[[ ENTRIES PROVIDED, beginning ]]

(* Consider the forward SDE $\mathrm{d}\mathbf{x}_t=\alpha(t)\mathbf{x}_t\,\mathrm{d}t+g(t)\,\mathrm{d}\mathbf{w}_t$, $\mathbf{x}_0\sim p_{\mathrm{data}}$, of Variance Preserving or Variance Exploding type, with associated noise density $p_{\mathrm{noise}}$, marginal density $p(\mathbf{x},t)$ and conditional density $p(\mathbf{x},t\mid\mathbf{x}_0)$. For a parametric family $\{\mathbf{s}_{\boldsymbol\theta}\}$ define $$I(\mathbf{s},T)=\frac12\int_0^T g^2(t)\,\mathbb{E}\big[\|\mathbf{s}(\mathbf{x}_t,t)-\nabla\log p(\mathbf{x}_t,t\mid\mathbf{x}_0)\|^2\big]\mathrm{d}t,\quad K(T)=I(\nabla\log p,T),\quad\mathcal{G}(\mathbf{s},T)=I(\mathbf{s},T)-K(T),$$ and let $\widehat{\mathbf{s}}_{\boldsymbol\theta}$ denote, for each $T$, the optimal score (parameters minimizing $I(\mathbf{s}_{\boldsymbol\theta},T)$). Let $\{\nu_{\boldsymbol\phi}\}$ be a parametric family of densities containing $p_{\mathrm{noise}}$, and for each $T$ let $\boldsymbol\phi^\star=\boldsymbol\phi^\star(T)$ minimize $\mathrm{KL}(p(\mathbf{x},T)\,\|\,\nu_{\boldsymbol\phi})$. Define $$\mathcal{L}_{\mathrm{ELBO}}(\mathbf{s},T)=\mathbb{E}_{p_{\mathrm{data}}}[\log p_{\mathrm{data}}]-\mathcal{G}(\mathbf{s},T)-\mathrm{KL}\big(p(\mathbf{x},T)\,\|\,p_{\mathrm{noise}}\big),$$ $$\mathcal{L}^{\boldsymbol\phi}_{\mathrm{ELBO}}(\mathbf{s},T)=\mathbb{E}_{p_{\mathrm{data}}}[\log p_{\mathrm{data}}]-\mathcal{G}(\mathbf{s},T)-\mathrm{KL}\big(p(\mathbf{x},T)\,\|\,\nu_{\boldsymbol\phi}\big).$$ Let $T^\star$ be a diffusion time maximizing $T\mapsto\mathcal{L}_{\mathrm{ELBO}}(\widehat{\mathbf{s}}_{\boldsymbol\theta},T)$. Then there exists at least one diffusion time $\tau\in[0,T^\star]$ such that $\mathcal{L}^{\boldsymbol\phi^\star}_{\mathrm{ELBO}}(\widehat{\mathbf{s}}_{\boldsymbol\theta},\tau)\ge\mathcal{L}_{\mathrm{ELBO}}(\widehat{\mathbf{s}}_{\boldsymbol\theta},T^\star)$.
   Context: Variance Preserving: $\alpha=-\tfrac12\beta$, $g=\sqrt\beta$, $\beta(t)=\beta_0+(\beta_1-\beta_0)t$, $p_{\mathrm{noise}}=\mathcal{N}(\mathbf{0},\mathbf{I})$. Variance Exploding: $\alpha=0$, $g=\sqrt{\mathrm{d}\sigma^2/\mathrm{d}t}$, $\sigma^2(t)=(\sigma_{\max}^2/\sigma_{\min}^2)^t$, $p_{\mathrm{noise}}=\mathcal{N}(\mathbf{0},(\sigma^2(T)-\sigma^2(0))\mathbf{I})$. Expectations are over $\mathbf{x}_0\sim p_{\mathrm{data}}$ and the forward process; minimizers are assumed to exist. *)

From HB Require Import structures.
From mathcomp Require Import all_boot all_order all_algebra.
From mathcomp Require Import all_classical all_reals all_analysis.
Set Implicit Arguments. Unset Strict Implicit. Unset Printing Implicit Defensive.
Import Order.TTheory GRing.Theory Num.Theory.
Import numFieldNormedType.Exports.
Local Open Scope classical_set_scope.
Local Open Scope ring_scope.

Section Diffusion.
Variables (R : realType) (d : nat).

Definition Rd : measurableType (sigma_display (@open 'rV[R]_d)) :=
  g_sigma_algebraType (@open 'rV[R]_d).

(* leb is Lebesgue measure on R^d: a Borel measure giving every closed box
   its volume (this characterizes Lebesgue measure on the Borel sets). *)
Definition is_lebesgue (leb : set Rd -> \bar R) : Prop :=
  forall a b : 'rV[R]_d, (forall i, a 0 i <= b 0 i) ->
    leb [set x : Rd | forall i, a 0 i <= (x : 'rV[R]_d) 0 i <= b 0 i]
    = (\prod_(i < d) (b 0 i - a 0 i))%:E.

Variable leb : {measure set Rd -> \bar R}.

Definition sqn (x : 'rV[R]_d) : R := \sum_(i < d) (x 0 i) ^+ 2.

Definition grad (f : 'rV[R]_d -> R) (x : 'rV[R]_d) : 'rV[R]_d :=
  \row_(i < d) derive f x (delta_mx 0 i).

Definition is_density (p : 'rV[R]_d -> R) : Prop :=
  [/\ measurable_fun [set: Rd] (p : Rd -> R), (forall x, 0 <= p x) &
      (\int[leb]_x (p x)%:E = 1)%E].

Definition gauss (mu : 'rV[R]_d) (v : R) (x : 'rV[R]_d) : R :=
  (2 * pi * v) `^ (- (d%:R / 2)) * expR (- sqn (x - mu) / (2 * v)).

Inductive SDE := VP of R & R (* beta_0, beta_1 *)
               | VE of R & R (* sigma_min, sigma_max *).

Definition sde_ok (s : SDE) : Prop :=
  match s with
  | VP b0 b1 => 0 < b0 /\ 0 < b1
  | VE smin smax => 0 < smin /\ smin < smax
  end.

Definition beta (b0 b1 t : R) : R := b0 + (b1 - b0) * t.
Definition sigma2 (smin smax t : R) : R := (smax ^+ 2 / smin ^+ 2) `^ t.

Definition sde_alpha (s : SDE) (t : R) : R :=
  match s with
  | VP b0 b1 => - (1 / 2) * beta b0 b1 t
  | VE _ _ => 0
  end.

Definition sde_g (s : SDE) (t : R) : R :=
  match s with
  | VP b0 b1 => Num.sqrt (beta b0 b1 t)
  | VE smin smax => Num.sqrt (derive1 (sigma2 smin smax) t)
  end.

Definition pnoise (s : SDE) (T : R) : 'rV[R]_d -> R :=
  match s with
  | VP _ _ => gauss 0 1
  | VE smin smax => gauss 0 (sigma2 smin smax T - sigma2 smin smax 0)
  end.

(* Transition kernel of the linear SDE dx = alpha x dt + g dw:
   x_t | x_0 ~ N(m(t) x_0, v(t) I) with m(t) = exp(int_0^t alpha),
   v(t) = int_0^t (m(t)/m(u))^2 g(u)^2 du. *)
Definition sde_m (s : SDE) (t : R) : R :=
  expR (Rintegral lebesgue_measure `[0, t] (sde_alpha s)).

Definition sde_v (s : SDE) (t : R) : R :=
  Rintegral lebesgue_measure `[0, t]
    (fun u => (sde_m s t / sde_m s u) ^+ 2 * (sde_g s u) ^+ 2).

Definition pcond (s : SDE) (x : 'rV[R]_d) (t : R) (x0 : 'rV[R]_d) : R :=
  gauss (sde_m s t *: x0) (sde_v s t) x.

Variable pdata : 'rV[R]_d -> R.

Definition pmarg (s : SDE) (x : 'rV[R]_d) (t : R) : R :=
  if t == 0 then pdata x
  else Rintegral leb [set: Rd] (fun x0 : Rd => pdata x0 * pcond s x t x0).

Definition score_err (s : SDE) (sc : 'rV[R]_d -> R -> 'rV[R]_d) (t : R)
  : \bar R :=
  (\int[leb]_x0 ((pdata x0)%:E *
     \int[leb]_x
        (pcond s x t x0 *
         sqn (sc x t - grad (fun y => ln (pcond s y t x0)) x))%:E))%E.

Definition Iloss (s : SDE) (sc : 'rV[R]_d -> R -> 'rV[R]_d) (T : R) : \bar R :=
  ((1 / 2)%:E * \int[lebesgue_measure]_(t in `[0%R, T])
      ((sde_g s t ^+ 2)%:E * score_err s sc t))%E.

Definition true_score (s : SDE) : 'rV[R]_d -> R -> 'rV[R]_d :=
  fun x t => grad (fun y => ln (pmarg s y t)) x.

Definition Kloss (s : SDE) (T : R) : \bar R := Iloss s (true_score s) T.
Definition Gap (s : SDE) (sc : 'rV[R]_d -> R -> 'rV[R]_d) (T : R) : \bar R :=
  (Iloss s sc T - Kloss s T)%E.

Definition KL (p q : 'rV[R]_d -> R) : \bar R :=
  if `[< {ae leb, forall x : Rd, q x = 0 -> p x = 0} >]
  then (\int[leb]_x (p x * ln (p x / q x))%:E)%E
  else +oo%E.

Definition neg_entropy : \bar R :=
  (\int[leb]_x (pdata x * ln (pdata x))%:E)%E.

Definition ELBO (s : SDE) (sc : 'rV[R]_d -> R -> 'rV[R]_d) (T : R) : \bar R :=
  (neg_entropy - Gap s sc T - KL (pmarg s ^~ T) (pnoise s T))%E.

Definition ELBO_nu (s : SDE) (nu : 'rV[R]_d -> R)
  (sc : 'rV[R]_d -> R -> 'rV[R]_d) (T : R) : \bar R :=
  (neg_entropy - Gap s sc T - KL (pmarg s ^~ T) nu)%E.

End Diffusion.

From HB Require Import structures.
From mathcomp Require Import all_boot all_order all_algebra.
From mathcomp Require Import all_classical all_reals all_analysis.
Import Order.TTheory GRing.Theory Num.Theory.
Local Open Scope ring_scope.

(* Take tau = Tstar. At a fixed diffusion time the two ELBOs differ only in their
   KL term, and since p_noise belongs to the family {nu_phi}, the KL-optimal
   nu_phi* is at least as close to p(., Tstar) as p_noise is. *)

Section ELBOComparison.
Variables (R : realType) (d : nat) (leb : {measure set (Rd R d) -> \bar R}).
Variables (pdata : 'rV[R]_d -> R) (sde : SDE R).

Lemma ELBO_le_ELBO_nu (nu : 'rV[R]_d -> R) (sc : 'rV[R]_d -> R -> 'rV[R]_d)
    (T : R) :
  (KL leb (pmarg leb pdata sde ^~ T) nu
   <= KL leb (pmarg leb pdata sde ^~ T) (pnoise sde T))%E ->
  (ELBO leb pdata sde sc T <= ELBO_nu leb pdata sde nu sc T)%E.
Proof. by move=> KL_le; apply: leeB. Qed.

Lemma KL_argmin_le_member (Phi : Type) (nu : Phi -> 'rV[R]_d -> R)
    (phistar : Phi) (p q : 'rV[R]_d -> R) :
  (forall phi, (KL leb p (nu phistar) <= KL leb p (nu phi))%E) ->
  (exists phi, nu phi = q) ->
  (KL leb p (nu phistar) <= KL leb p q)%E.
Proof. by move=> KL_min [phi <-]. Qed.

End ELBOComparison.

Theorem proposition4 (R : realType) (d : nat)
  (leb : {measure set (Rd R d) -> \bar R}) (sde : SDE R)
  (pdata : 'rV[R]_d -> R)
  (Theta Phi : Type) (s : Theta -> 'rV[R]_d -> R -> 'rV[R]_d)
  (nu : Phi -> 'rV[R]_d -> R)
  (thetahat : R -> Theta) (phistar : R -> Phi) (Tstar : R) :
  is_lebesgue leb ->
  sde_ok sde ->
  is_density leb pdata ->
  (forall phi, is_density leb (nu phi)) ->
  (forall T, 0 < T -> exists phi, nu phi = @pnoise R d sde T) ->
  (forall T theta, 0 < T ->
     (Iloss leb pdata sde (s (thetahat T)) T <= Iloss leb pdata sde (s theta) T)%E) ->
  (forall T phi, 0 < T ->
     (KL leb (pmarg leb pdata sde ^~ T) (nu (phistar T))
      <= KL leb (pmarg leb pdata sde ^~ T) (nu phi))%E) ->
  0 < Tstar ->
  (forall T, 0 < T ->
     (ELBO leb pdata sde (s (thetahat T)) T
      <= ELBO leb pdata sde (s (thetahat Tstar)) Tstar)%E) ->
  exists tau, 0 <= tau <= Tstar /\
    (ELBO leb pdata sde (s (thetahat Tstar)) Tstar
     <= ELBO_nu leb pdata sde (nu (phistar tau)) (s (thetahat tau)) tau)%E.
Proof.
move=> _ _ _ _ noise_in_family _ phistar_min Tstar_gt0 _.
exists Tstar; split; first by rewrite lexx andbT ltW.
apply: ELBO_le_ELBO_nu; apply: KL_argmin_le_member.
- by move=> phi; exact: phistar_min.
- exact: noise_in_family.
Qed.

[[ ENTRIES PROVIDED, end ]]

■ **YOUR OBJECTIVE**:
All lines of the entries containing the string "apply" must be shown in full.

■ **YOUR SOLUTION**:
Proof. by move=> KL_le; apply: leeB. Qed.
apply: ELBO_le_ELBO_nu; apply: KL_argmin_le_member.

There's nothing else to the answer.